AbsaOSS/pramen

Add support for initialization and finalization hooks

Closed this issue · 0 comments

Background

Currently, the running of the pipeline is completely controlled by Pramen orchestrater. The orchestrator decides which transformations to run and in which order. The only way to initialize the runtime in a custom manner is to include initialization check in each transformer, which is inconvenient.

Initialization and finalization hooks will help initialize various resources needed for the pipeline as the whole.

Feature

Add support for initialization and finalization hooks.

Proposed Solution

pramen.hook.startup.class = "com.example.myhook.MyStartupHook"
pramen.hook.shutdown.class = "com.example.myhook.MyShutdownHook"

The hook class should extend Runnable and can optionally take the config as the parameter. Pramen will pass the workflow configuration as the constructor parameter if it is available.
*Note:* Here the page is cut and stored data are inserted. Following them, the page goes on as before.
Definition scheme (dom : domain) (rho0 rho1 : R) (X w : 'I_J.+1 -> vec) (dt : R)
    (dX : 'I_J.+1 -> vec) (kappa : 'I_J.+1 -> R) : Prop :=
  let X1 := fun j => addv (X j) (dX j) in
  (forall chi : 'I_J.+1 -> R, in_Vh dom chi ->
     lump (fun e b => dotv (scalev dt^-1 (subv (X1 (nd e b)) (X (nd e b))))
                           (scalev (chi (nd e b)) (nu X e)) * nrm (Xrho X e))
     = lump (fun e b => (kappa (nd e b) - Kop dom X w kappa (nd e b))
                        * chi (nd e b) * nrm (Xrho X e))) /\
  (forall eta : 'I_J.+1 -> vec, in_Vh_d dom eta ->
     lump (fun e b => kappa (nd e b) * dotv (nu X e) (eta (nd e b)) * nrm (Xrho X e))
     + l2v (fun e _ => Xrho X1 e) (fun e _ => scalev (nrm (Xrho X e))^-1 (Xrho eta e))
     = - bdry_term dom rho0 rho1 eta).

End Defs.

(* The scheme is a square linear system for (dX, kappa) = (delta X^{m+1}, kappa^{m+1}) on a
   finite-dimensional space, so uniqueness gives existence.  Testing the homogeneous system
   with (dX, kappa) itself, the two normal-velocity terms cancel and what remains is
   dt ((kappa - K kappa) kappa |X_rho|)^h + (dX_rho, dX_rho |X_rho|^-1) = 0.  Since K kappa is
   -kappa on d_0 I and independent of kappa elsewhere, both terms are nonnegative, hence
   kappa = 0 and dX is a constant vector.  The first equation then makes that constant
   orthogonal to every (nu, chi |X_rho|)^h, so it vanishes by (B)^h.
   Only |X_rho| > 0 from (A), (B)^h and dt > 0 are needed: the weights rho^(p), omega and
   X.e_1 > 0 only enter the right-hand side. *)

From Pilot Require Import Defs.
From HB Require Import structures.
From mathcomp Require Import all_boot all_order all_algebra.
From mathcomp Require Import ring lra zify.
From Stdlib Require Import Classical FunctionalExtensionality.
Set Implicit Arguments.
Unset Strict Implicit.
Unset Printing Implicit Defensive.
Import Order.TTheory GRing.Theory Num.Theory.
Local Open Scope ring_scope.

Section BilinearRepresentation.
Variables (F : fieldType) (vT : vectType F).

Lemma scalar0 (g : vT -> F) : scalar g -> g 0 = 0.
Proof.
move=> gL; have := gL 1 0 0; rewrite scale1r addr0 mul1r => g0.
by apply: (addrI (g 0)); rewrite -g0 addr0.
Qed.

Lemma scalar_sum (g : vT -> F) : scalar g ->
  forall n (k : 'I_n -> F) (x : 'I_n -> vT),
  g (\sum_(i < n) k i *: x i) = \sum_(i < n) k i * g (x i).
Proof.
move=> gL; elim=> [|n IHn] k x; first by rewrite !big_ord0 scalar0.
by rewrite !big_ord_recl gL IHn.
Qed.

Lemma dimv_addv_line (U : {vspace vT}) x :
  x \notin U -> (\dim U < \dim (U + <[x]>))%N.
Proof.
move=> xU; have /dimv_leqif_eq[le_dim eq_dim] := addvSl U <[x]>%VS.
rewrite ltn_neqAle le_dim andbT eq_dim; apply: contra xU => /eqP ->.
exact: subvP (addvSr U _) _ (memv_line x).
Qed.

(* Grow a subspace inside [P] one vector at a time; the dimension bounds the process. *)
Lemma vspace_of_linear_pred (P : vT -> Prop) :
  P 0 -> (forall a x y, P x -> P y -> P (a *: x + y)) ->
  exists U : {vspace vT}, forall x, x \in U <-> P x.
Proof.
move=> P0 PL.
suff grow (U : {vspace vT}) : (forall x, x \in U -> P x) ->
    exists V : {vspace vT}, forall x, x \in V <-> P x.
  by apply: (grow 0%VS) => x; rewrite memv0 => /eqP ->.
have [n] := ubnP (\dim {:vT} - \dim U); elim: n U => // n IHn U codimU UP.
case: (classic (forall x, P x -> x \in U)) => [Usat | /not_all_ex_not[x notUx]].
  by exists U => x; split; [apply: UP | apply: Usat].
have [Px /negP xU] := imply_to_and _ _ notUx.
apply: (IHn (U + <[x]>)%VS).
  have := dimv_addv_line xU; have := dimvS (subvf (U + <[x]>)%VS); lia.
move=> _ /memv_addP[u uU [_ /vlineP[k ->] ->]].
by rewrite addrC; apply: PL => //; apply: UP.
Qed.

Variable B : vT -> vT -> F.
Hypotheses (BlinL : forall v, scalar (B^~ v)) (BlinR : forall u, scalar (B u)).

Lemma vspace_bilinear_representation (U : {vspace vT}) (f : vT -> F) :
  scalar f -> (forall u, u \in U -> (forall v, v \in U -> B u v = 0) -> u = 0) ->
  exists2 u, u \in U & forall v, v \in U -> B u v = f v.
Proof.
move=> fL Bnondeg; pose n := \dim U; pose b := vbasis U.
pose M : 'M[F]_n := \matrix_(i, j) B b`_i b`_j.
pose vec_of (c : 'rV[F]_n) := \sum_(i < n) c 0 i *: b`_i.
have vec_ofU c : vec_of c \in U.
  apply: memv_suml => i _; apply/memvZ/vbasis_mem/mem_nth.
  by rewrite size_tuple.
have B_basis c (j : 'I_n) : B (vec_of c) b`_j = (c *m M) 0 j.
  by rewrite (scalar_sum (BlinL _)) !mxE; apply: eq_bigr => i _; rewrite mxE.
have B_ext u (g : vT -> F) : scalar g ->
    (forall j : 'I_n, B u b`_j = g b`_j) -> forall v, v \in U -> B u v = g v.
  move=> gL Bg v vU; rewrite (coord_vbasis vU) (scalar_sum (BlinR u)) (scalar_sum gL).
  by apply: eq_bigr => i _; rewrite Bg.
have M_unit : M \in unitmx.
  rewrite -row_free_unit -kermx_eq0; apply/eqP/row_matrixP => i.
  set c := row i _; have: c *m M = 0 by apply/sub_kermxP; apply: row_sub.
  move=> cM0; have zeroL : scalar (fun _ : vT => 0 : F).
    by move=> ? ? ?; rewrite mulr0 addr0.
  have /(freeP (basis_free (vbasisP U))) c0 : vec_of c = 0.
    apply: Bnondeg (vec_ofU c) _; apply: (B_ext _ _ zeroL) => j.
    by rewrite B_basis cM0 mxE.
  by rewrite row0; apply/rowP => j; rewrite c0 mxE.
pose c := \row_j f b`_j *m invmx M; exists (vec_of c) => //.
by apply: B_ext => // j; rewrite B_basis mulmxKV // mxE.
Qed.

Lemma bilinear_representation_unique (P : vT -> Prop) (f : vT -> F) :
  P 0 -> (forall a x y, P x -> P y -> P (a *: x + y)) -> scalar f ->
  (forall u, P u -> (forall v, P v -> B u v = 0) -> u = 0) ->
  exists! u, P u /\ forall v, P v -> B u v = f v.
Proof.
move=> P0 PL fL Bnondeg; have [U UP] := vspace_of_linear_pred P0 PL.
have [|u uU Bu] := @vspace_bilinear_representation U f fL.
  by move=> u /UP Pu Bu; apply: Bnondeg => // v /UP; apply: Bu.
exists u; split=> [|u' [Pu' Bu']]; first by split=> [|v /UP]; [apply/UP | apply: Bu].
apply/eqP; rewrite -subr_eq0 -scaleN1r addrC; apply/eqP/Bnondeg.
  by apply: PL => //; apply/UP.
by move=> v Pv; rewrite (BlinL v) /= Bu' // Bu ?mulN1r ?addNr //; apply/UP.
Qed.

End BilinearRepresentation.

Section DiscreteProducts.
Variables (R : rcfType) (J : nat).

Lemma hh_gt0 : (0 < J)%N -> 0 < hh R J.
Proof. by move=> J_gt0; rewrite invr_gt0 ltr0n. Qed.

Lemma eq_lump (F G : 'I_J -> bool -> R) : (forall e b, F e b = G e b) -> lump F = lump G.
Proof. by move=> FG; congr (_ * _); apply: eq_bigr => e _; rewrite !FG. Qed.

Lemma lump_lin (a : R) (F G H : 'I_J -> bool -> R) :
  (forall e b, F e b = a * G e b + H e b) -> lump F = a * lump G + lump H.
Proof.
move=> FGH; rewrite /lump (eq_bigr (fun e => a * (G e true + G e false)
  + (H e true + H e false))) => [|e _]; last by rewrite !FGH; ring.
by rewrite big_split -mulr_sumr /=; ring.
Qed.

Lemma lump0 (F : 'I_J -> bool -> R) : (forall e b, F e b = 0) -> lump F = 0.
Proof. by move=> F0; rewrite /lump big1 ?mulr0 // => e _; rewrite !F0 addr0. Qed.

Lemma lumpZ (a : R) (F : 'I_J -> bool -> R) : lump (fun e b => a * F e b) = a * lump F.
Proof.
rewrite (@lump_lin a (fun e b => a * F e b) F (fun _ _ => 0)) => [|e b]; last by rewrite addr0.
by rewrite (@lump0 (fun _ _ => 0)) ?addr0.
Qed.

Lemma lump_ge0 (F : 'I_J -> bool -> R) : (forall e b, 0 <= F e b) -> 0 <= lump F.
Proof.
move=> F_ge0; apply: mulr_ge0; first by rewrite divr_ge0 ?invr_ge0 ?ler0n.
by apply: sumr_ge0 => e _; apply: addr_ge0.
Qed.

Lemma plump_eq0 (F : 'I_J -> bool -> R) :
  (forall e b, 0 <= F e b) -> lump F = 0 -> forall e b, F e b = 0.
Proof.
move=> F_ge0 /eqP + e; have J_neq0 : (J == 0%N) = false by have := ltn_ord e; lia.
rewrite !mulf_eq0 !invr_eq0 !pnatr_eq0 J_neq0 /=.
move=> /eqP sum0; have F_pair_ge0 i (_ : true) := addr_ge0 (F_ge0 i true) (F_ge0 i false).
have /eqP := (psumr_eq0P F_pair_ge0 sum0) e isT.
by rewrite paddr_eq0 // => /andP[/eqP ? /eqP ?] [].
Qed.

Lemma l2pa_linl (a : R) (F G H K : 'I_J -> bool -> R) :
  (forall e b, F e b = a * G e b + H e b) -> l2pa F K = a * l2pa G K + l2pa H K.
Proof.
by move=> FGH; rewrite /l2pa mulr_sumr -big_split /=; apply: eq_bigr => e _; rewrite !FGH; ring.
Qed.

Lemma l2pa_linr (a : R) (K F G H : 'I_J -> bool -> R) :
  (forall e b, F e b = a * G e b + H e b) -> l2pa K F = a * l2pa K G + l2pa K H.
Proof.
by move=> FGH; rewrite /l2pa mulr_sumr -big_split /=; apply: eq_bigr => e _; rewrite !FGH; ring.
Qed.

Lemma l2v_linl (a : R) (F G H K : 'I_J -> bool -> vec R) :
  (forall e b, F e b = Defs.addv (scalev a (G e b)) (H e b)) ->
  l2v F K = a * l2v G K + l2v H K.
Proof.
move=> FGH; rewrite /l2v (@l2pa_linl a (fun e b => (F e b).1)
    (fun e b => (G e b).1) (fun e b => (H e b).1));
  last by move=> e b; rewrite FGH.
rewrite (@l2pa_linl a (fun e b => (F e b).2)
    (fun e b => (G e b).2) (fun e b => (H e b).2)); first ring.
by move=> e b; rewrite FGH.
Qed.

Lemma l2v_linr (a : R) (K F G H : 'I_J -> bool -> vec R) :
  (forall e b, F e b = Defs.addv (scalev a (G e b)) (H e b)) ->
  l2v K F = a * l2v K G + l2v K H.
Proof.
move=> FGH; rewrite /l2v (@l2pa_linr a _ (fun e b => (F e b).1)
    (fun e b => (G e b).1) (fun e b => (H e b).1));
  last by move=> e b; rewrite FGH.
rewrite (@l2pa_linr a _ (fun e b => (F e b).2)
    (fun e b => (G e b).2) (fun e b => (H e b).2)); first ring.
by move=> e b; rewrite FGH.
Qed.

Lemma l2v0r (F G : 'I_J -> bool -> vec R) : (forall e b, G e b = (0, 0)) -> l2v F G = 0.
Proof. by move=> G0; rewrite /l2v /l2pa !big1 ?addr0 // => e _; rewrite !G0 /=; ring. Qed.

Lemma l2v_const (f g : 'I_J -> vec R) :
  l2v (fun e _ => f e) (fun e _ => g e) = \sum_(e < J) hh R J * dotv (f e) (g e).
Proof.
rewrite /l2v /l2pa -big_split; apply: eq_bigr => e _ /=.
have six_neq0 : (6%:R : R) != 0 by rewrite pnatr_eq0.
by rewrite /dotv; field.
Qed.
Lemma positions_bounded c : (#|~: A| <= c)%N -> (c + k <= m)%N ->
  size positions = k /\ all (gtn (c + k)) positions.
Proof.
move=> Ac ckm; rewrite /positions.
set inA := (fun j => sigma j \in A); set e := enum 'I_m.
have out_le : (count (predC inA) e <= c)%N.
  rewrite (leq_trans _ Ac) // -(card_preimset (~: A) (@perm_inj _ sigma)).
  by rewrite cardE /enum_mem size_filter /e enumT; apply/eq_leq/eq_count => x; rewrite !inE.
have size_prefix : size (take (c + k) e) = (c + k)%N by rewrite size_takel // size_enum_ord.
have k_le_in : (k <= count inA (take (c + k) e))%N.
  have := count_predC inA (take (c + k) e).
  have : (count (predC inA) (take (c + k) e) <= count (predC inA) e)%N.
    by rewrite -{2}(cat_take_drop (c + k) e) count_cat leq_addr.
  rewrite size_prefix; lia.
have -> : take k [seq j <- e | inA j] = take k [seq j <- take (c + k) e | inA j].
  by rewrite -{1}(cat_take_drop (c + k) e) filter_cat takel_cat // size_filter.
split; first by rewrite size_map size_takel // size_filter.
apply/allP => t /mapP [j /mem_take]; rewrite mem_filter => /andP[_ /(map_f val)].
by rewrite map_take val_enum_ord take_iota mem_iota /= => jck ->; lia.
Qed.

Lemma sum_pick_le_prefix :
  \sum_(x <- Defs.pick sigma A k) s (sigma^-1 x)%g <= \sum_(j < m | (j < k)%N) s j.
Proof.
rewrite sum_pick_positions sum_prefix_score.
apply: le_trans (@sum_score_ltn_sorted_le _ 0 positions_sorted _) _; first exact/allP.
rewrite -(big_mkord xpredT (fun t => score (0 + t))).
under eq_bigr do rewrite add0n.
rewrite [X in _ <= X](big_cat_nat (n := size positions)) ?size_positions //=.
by rewrite lerDl sumr_ge0 // => t _; apply: score_ge0.
Qed.

Lemma sum_block_le_pick c : (#|~: A| <= c)%N -> (c + k <= m)%N ->
  \sum_(j < m | (c <= j < c + k)%N) s j
  <= \sum_(x <- Defs.pick sigma A k) s (sigma^-1 x)%g.
Proof.
move=> Ac ckm; have [size_k bounded] := positions_bounded _ Ac ckm.
rewrite sum_pick_positions sum_block_score // -sum_block_score_rev.
rewrite -(perm_big _ (permEl (perm_rev positions))) -size_k -(size_rev positions).
apply: sum_score_gtn_sorted_ge; first by rewrite rev_sorted positions_sorted.
by rewrite all_rev size_rev size_k.
Qed.

End Pick.
End Scores.

Lemma big_nat_addl (V : nmodType) (F : nat -> V) a b c :
  \sum_(a + b <= j < a + c) F j = \sum_(b <= j < c) F (a + j).
Proof. by rewrite /index_iota subnDl iotaDl big_map. Qed.

Lemma sum_consecutive_blocks (V : nmodType) (F : nat -> V) (ks : seq nat) :
  \sum_(0 <= t < size ks)
     \sum_(sumn (take t ks) <= j < sumn (take t ks) + nth 0%N ks t) F j
  = \sum_(0 <= j < sumn ks) F j.
Proof.
elim: ks F => [|a ks IH] F /=; first by rewrite !big_geq.
rewrite big_nat_recl //= add0n [RHS](big_cat_nat (n := a)) ?leq_addr //=.
congr (_ + _); rewrite -[a in \sum_(a <= j < _) F j]addn0 big_nat_addl -IH.
by apply: eq_bigr => t _; rewrite -addnA big_nat_addl.
Qed.

Lemma sumn_take (l : seq nat) i : sumn (take i l) = (\sum_(0 <= t < i) nth 0%N l t)%N.
Proof.
elim: l i => [|x l IH] [|i]; try by rewrite big_geq.
  by rewrite big1 // => t _; rewrite nth_nil.
by rewrite big_nat_recl //= IH.
Qed.

(* [A] is the set of items still available when the i-th agent picks. *)
Lemma nth_alloc_pick m (l : seq ({perm 'I_m} * nat)) (avail : {set 'I_m}) i :
  (i < size l)%N ->
  exists A : {set 'I_m},
    nth [::] (alloc avail l) i
      = Defs.pick (nth (1%g, 0%N) l i).1 A (nth (1%g, 0%N) l i).2
    /\ (#|avail :\: A| <= sumn (take i (map snd l)))%N.
Proof.
elim: l avail i => [|[sigma q] l IH] avail [|i] //= il.
  by exists avail; rewrite setDv cards0.
set picked := [set x in Defs.pick sigma avail q].
have [A [-> A_le]] := IH (avail :\: picked) i il.
exists A; split => //.
have split_out : avail :\: A \subset picked :|: ((avail :\: picked) :\: A).
  apply/subsetP => x; rewrite /picked !inE.
  by case: (x \in A); case: (x \in avail); case: (x \in Defs.pick sigma avail q).
have picked_le : (#|picked| <= q)%N.
  rewrite cardsE; apply: leq_trans (card_size _) _.
  by rewrite size_take; case: ifP => // /negbT; rewrite -leqNgt.
apply: leq_trans (subset_leq_card split_out) _.
by apply: leq_trans (leq_card_setU _ _) _; apply: leq_add.
Qed.

Section SeqExtrema.
Context {R : realFieldType}.

Lemma foldr_min_mem (l : seq R) h : foldr Num.min h l \in h :: l.
Proof.
elim: l => [|y l IH] /=; first by rewrite mem_head.
case: leP => _; first by rewrite !inE eqxx orbT.
by move: IH; rewrite !inE => /orP[->|->]; rewrite ?orbT.
Qed.

Lemma foldr_max_mem (l : seq R) h : foldr Num.max h l \in h :: l.
Proof.
elim: l => [|y l IH] /=; first by rewrite mem_head.
case: leP => _; last by rewrite !inE eqxx orbT.
by move: IH; rewrite !inE => /orP[->|->]; rewrite ?orbT.
Qed.

Lemma seqmin_mem (l : seq R) : l != [::] -> seqmin l \in l.
Proof.
case: l => // x l _; have := foldr_min_mem (x :: l) x.
by rewrite /seqmin inE => /orP[/eqP->|]; rewrite ?mem_head.
Qed.

Lemma seqmax_mem (l : seq R) : l != [::] -> seqmax l \in l.
Proof.
case: l => // x l _; have := foldr_max_mem (x :: l) x.
by rewrite /seqmax inE => /orP[/eqP->|]; rewrite ?mem_head.
Qed.

Lemma seqmin_le (l : seq R) x : x \in l -> seqmin l <= x.
Proof.
rewrite /seqmin; elim: l (head 0 l) => //= y l IH h.
by rewrite inE ge_min => /orP[/eqP->|/IH->]; rewrite ?lexx ?orbT.
Qed.

End SeqExtrema.

Lemma foldr_minn_mem (l : seq nat) h : foldr minn h l \in h :: l.
Proof.
elim: l => [|y l IH] /=; first by rewrite mem_head.
case: leqP => _; first by rewrite !inE eqxx orbT.
by move: IH; rewrite !inE => /orP[->|->]; rewrite ?orbT.
Qed.

Lemma seqminn_mem (l : seq nat) : l != [::] -> seqminn l \in l.
Proof.
case: l => // x l _; have := foldr_minn_mem (x :: l) x.
by rewrite /seqminn inE => /orP[/eqP->|]; rewrite ?mem_head.
Qed.

Lemma seqminn_le (l : seq nat) x : x \in l -> (seqminn l <= x)%N.
Proof.
rewrite /seqminn; elim: l (head 0%N l) => //= y l IH h.
by rewrite inE geq_min => /orP[/eqP->|/IH->]; rewrite ?leqnn ?orbT.
Qed.
Lemma csc_sum_of_cot_sum (g m1 m2 n : nat) (theta : R) :
  iso_data g m1 m2 n -> 0 < theta -> theta < PI / INR g ->
  sumk g (fun k => INR (mk m1 m2 k) * cot (wall_angle g theta k)) = 0 ->
  sumk g (fun k => INR (mk m1 m2 k) * / sin (wall_angle g theta k) ^ 2) = INR n * INR g.
Proof.
  intros Hiso Ht Htg Hcot. pose proof (iso_data_INR _ _ _ _ Hiso) as HN.
  destruct Hiso as (Hg & _ & _ & Hodd & _).
  destruct Hg as [-> | [-> | [-> | [-> | ->]]]].
  - rewrite Hodd in * by reflexivity.
    rewrite (csc_sum_equal_weights 1 m2 theta cot_csc_sum_formulas_1) by (auto; lia).
    simpl in *. lra.
  - rewrite (csc_sum_two_weights 2 1 m1 m2 theta) by (auto using cot_csc_sum_formulas_1).
    simpl in *. lra.
  - rewrite Hodd in * by reflexivity.
    rewrite (csc_sum_equal_weights 3 m2 theta cot_csc_sum_formulas_3) by (auto; lia).
    simpl in *. lra.
  - rewrite (csc_sum_two_weights 4 2 m1 m2 theta) by (auto using cot_csc_sum_formulas_2).
    simpl in *. lra.
  - rewrite (csc_sum_two_weights 6 3 m1 m2 theta) by (auto using cot_csc_sum_formulas_3).
    simpl in *. lra.
Qed.

Lemma HS_sq_orthonormal2 (g m1 m2 : nat) (x e1 e2 : vec) :
  orthonormal2 e1 e2 ->
  HS_sq g m1 m2 x e1 + HS_sq g m1 m2 x e2 =
  sumk g (fun k => INR (mk m1 m2 k) * inner (curv_normal g x k) (curv_normal g x k)).
Proof.
  intros He. unfold HS_sq. rewrite <- sumk_add. apply sumk_ext. intros k _.
  unfold shape_eig. rewrite <- (orthonormal2_sum_sq e1 e2) by exact He. ring.
Qed.

Lemma minimal_in_sphere_sumk_rot (g m1 m2 n : nat) (x : vec) :
  minimal_in_sphere g m1 m2 n x -> INR n <> 0 ->
  sumk g (fun k => INR (mk m1 m2 k) * inner (curv_normal g x k) (rot x)) = 0.
Proof.
  unfold minimal_in_sphere, HS. intros Hmin Hn.
  apply (f_equal (fun v => inner v (rot x))) in Hmin.
  rewrite inner_vadd_l, inner_vscale_l, inner_rot_self in Hmin.
  replace (inner vzero (rot x)) with 0 in Hmin by (unfold inner; simpl; ring).
  rewrite Rmult_0_r, Rplus_0_r in Hmin.
  unfold HE in Hmin. rewrite inner_vscale_l, inner_vsumk in Hmin.
  rewrite (sumk_ext g _ (fun k => INR (mk m1 m2 k) * inner (curv_normal g x k) (rot x))) in Hmin
    by (intros; apply inner_vscale_l).
  apply Rmult_integral in Hmin as [Hinv | Hsum]; [| lra].
  exfalso. apply (Rinv_neq_0_compat _ Hn). lra.
Qed.

Lemma inner_polar_alpha (g k : nat) (r theta : R) :
  inner (polar r theta) (alpha g k) = r * sin (wall_angle g theta k).
Proof.
  unfold inner, polar, alpha, theta_k, wall_angle; simpl.
  rewrite sin_minus, cos_minus, sin_minus, cos_PI2, sin_PI2. ring.
Qed.

Lemma inner_rot_polar_alpha (g k : nat) (r theta : R) :
  inner (rot (polar r theta)) (alpha g k) = - r * cos (wall_angle g theta k).
Proof.
  unfold inner, rot, polar, alpha, theta_k, wall_angle; simpl.
  rewrite cos_minus, cos_minus, sin_minus, cos_PI2, sin_PI2. ring.
Qed.

Lemma inner_alpha_alpha (g k : nat) : inner (alpha g k) (alpha g k) = 1.
Proof.
  unfold inner, alpha, polar; simpl.
  transitivity (sin (theta_k g k) ^ 2 + cos (theta_k g k) ^ 2); [ring | apply sin_cos_sq].
Qed.

Lemma sqrt_inner_polar (r theta : R) :
  0 <= r -> sqrt (inner (polar r theta) (polar r theta)) = r.
Proof.
  intros Hr. replace (inner (polar r theta) (polar r theta)) with (r ^ 2).
  - apply sqrt_pow2, Hr.
  - transitivity (r ^ 2 * (sin theta ^ 2 + cos theta ^ 2)).
    + rewrite sin_cos_sq. ring.
    + unfold inner, polar; simpl. ring.
Qed.

Section Chamber.

Variables (g m1 m2 : nat) (r theta : R).
Hypothesis Hr : 0 < r.
Hypothesis Hsin : forall k, (1 <= k <= g)%nat -> sin (wall_angle g theta k) <> 0.

Lemma curv_normal_polar_rot (k : nat) : (1 <= k <= g)%nat ->
  inner (curv_normal g (polar r theta) k) (rot (polar r theta)) = cot (wall_angle g theta k).
Proof.
  intros Hk. specialize (Hsin k Hk). unfold curv_normal, cot.
  rewrite inner_vscale_l, (inner_comm (alpha g k)), inner_rot_polar_alpha, inner_polar_alpha.
  field. split; lra.
Qed.

Lemma curv_normal_polar_norm_sq (k : nat) : (1 <= k <= g)%nat ->
  inner (curv_normal g (polar r theta) k) (curv_normal g (polar r theta) k)
    = / r ^ 2 * / sin (wall_angle g theta k) ^ 2.
Proof.
  intros Hk. specialize (Hsin k Hk). unfold curv_normal.
  rewrite inner_vscale_l, inner_vscale_r, inner_alpha_alpha, inner_polar_alpha.
  field. split; lra.
Qed.

Lemma AE_norm_sq_polar (e1 e2 : vec) : orthonormal2 e1 e2 ->
  AE_norm_sq g m1 m2 (polar r theta) e1 e2
    = / r ^ 2 * sumk g (fun k => INR (mk m1 m2 k) * / sin (wall_angle g theta k) ^ 2).
Proof.
  intros He. unfold AE_norm_sq. rewrite HS_sq_orthonormal2 by exact He.
  rewrite <- sumk_scal. apply sumk_ext. intros k Hk.
  rewrite curv_normal_polar_norm_sq by exact Hk. ring.
Qed.

Lemma AS_norm_sq_polar :
  AS_norm_sq g m1 m2 (polar r theta)
    = / r ^ 2 * sumk g (fun k => INR (mk m1 m2 k) * cot (wall_angle g theta k) ^ 2).
Proof.
  unfold AS_norm_sq, HS_sq. rewrite <- sumk_scal. apply sumk_ext. intros k Hk.
  unfold shape_eig, sphere_normal.
  rewrite inner_vscale_l, (inner_comm (rot _)), sqrt_inner_polar, curv_normal_polar_rot
    by (lra || exact Hk).
  field. lra.
Qed.

Lemma minimal_polar_cot_sum (n : nat) :
  minimal_in_sphere g m1 m2 n (polar r theta) -> INR n <> 0 ->
  sumk g (fun k => INR (mk m1 m2 k) * cot (wall_angle g theta k)) = 0.
Proof.
  intros Hmin Hn. rewrite <- (minimal_in_sphere_sumk_rot g m1 m2 n _ Hmin Hn).
  apply sumk_ext. intros k Hk. rewrite curv_normal_polar_rot by exact Hk. reflexivity.
Qed.

End Chamber.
import com.typesafe.config.Config

class MyStartupHook(conf: Config) extends Runnable {
  override def run(): Unit = {
    ???
  }
}

You can get the current Spark session inside the method in the usual way. The Spark session is guaranteed to be created at this point.

val spark = SparkSession.builder().getOrCreate()

The final hook is invoked when all jobs has finished (successfully or failed), but the Spark session is not stopped yet, and the notification email is not yet sent.